═══ Excerpted data

(* For any American option $\xi$, \[ \{x\in\mathbb{R}^d : \exists Y\in\Phi^{\mathrm{ag}}(\xi),\ x=Y_0\}=\{x\in\mathbb{R}^d:\exists y\in\Phi^{\mathrm{ad}}(\xi),\ x=y_0\}. \]
   Context: Finite filtered probability space $(\Omega,\mathcal{F},\mathbb{P};(\mathcal{F}_t)_{t=0}^T)$ with $\mathcal{F}_0$ trivial, $\mathcal{F}_T=2^\Omega$, $\mathbb{P}(\{\omega\})>0$. $\mathcal{L}_t$: $\mathcal{F}_t$-measurable $\mathbb{R}^d$-valued random variables. $d$ assets with $\mathcal{F}_t$-measurable exchange rates $\pi^{jk}_t>0$, $\pi^{jj}_t=1$. Solvency cone $\mathcal{K}_t$: the set of $x\in\mathcal{L}_t$ with $x(\omega)$ in the convex cone generated by $e^1,\ldots,e^d$ and $\pi^{jk}_t(\omega)e^j-e^k$ for every $\omega$. Deferred solvency cone $\mathcal{Q}_t$: the set of $z\in\mathcal{L}_t$ for which there exist $y_{t+1},\ldots,y_{T+1}$, $y_s\in\mathcal{L}_{s-1}$, $y_{T+1}=0$, with $z-y_{t+1}\in\mathcal{K}_t$ and $y_s-y_{s+1}\in\mathcal{K}_s$ for $s=t+1,\ldots,T$. A trading strategy is $y=(y_t)_{t=0}^{T+1}$ with $y_0\in\mathbb{R}^d$, $y_t\in\mathcal{L}_{t-1}$ for $t=1,\ldots,T$, $y_{T+1}=0$; $\Phi$ is the set of trading strategies. A mixed stopping time is an adapted $[0,1]$-valued process $\chi=(\chi_t)_{t=0}^T$ with $\sum_{t=0}^T\chi_t=1$; $\mathcal{X}$ is the set of them. $\mathcal{T}$ is the set of stopping times with values in $\{0,\ldots,T\}$. An American option is an adapted $\mathbb{R}^d$-valued process $\xi=(\xi_t)_{t=0}^T$. $\Phi^{\mathrm{ag}}(\xi)$ is the set of maps $Y:\mathcal{X}\to\Phi$, $\chi\mapsto Y^\chi$, such that (i) $Y^\chi_t-\chi_t\xi_t-Y^\chi_{t+1}\in\mathcal{K}_t$ for all $\chi\in\mathcal{X}$ and $t=0,\ldots,T$; (ii) for all $\chi,\chi'\in\mathcal{X}$, $t$ and $\omega$: if $\chi_s(\omega)=\chi'_s(\omega)$ for $s=0,\ldots,t-1$ then $Y^\chi_t(\omega)=Y^{\chi'}_t(\omega)$. In particular $Y^\chi_0$ does not depend on $\chi$; it is denoted $Y_0$. $\Phi^{\mathrm{ad}}(\xi)$ is the set of $y\in\Phi$ such that for all $\tau\in\mathcal{T}$: $y_t-y_{t+1}\in\mathcal{Q}_t$ for $t=0,\ldots,\tau-1$ and $y_\tau-\xi_\tau\in\mathcal{Q}_\tau$. Standing assumption: the model admits no arbitrage (no $y\in\Phi$ with $y_0=0$, $y_t-y_{t+1}\in\mathcal{K}_t$ for $t<T$, and $y_T-x\in\mathcal{K}_T$ for some nonzero componentwise non-negative $x\in\mathcal{L}_T$). *)

From HB Require Import structures.
From mathcomp Require Import all_boot all_order all_algebra.
From mathcomp Require Import reals.
Set Implicit Arguments.
Unset Strict Implicit.
Unset Printing Implicit Defensive.
Import Order.TTheory GRing.Theory Num.Theory.
Local Open Scope ring_scope.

══════

**About this task:** Everything from the line with "Set Implicit Arguments." down to the last line of the data above should be returned exactly, with both ends kept and nothing added.

**Answer for the task:**
Set Implicit Arguments.
Unset Strict Implicit.
Unset Printing Implicit Defensive.
Import Order.TTheory GRing.Theory Num.Theory.
Local Open Scope ring_scope.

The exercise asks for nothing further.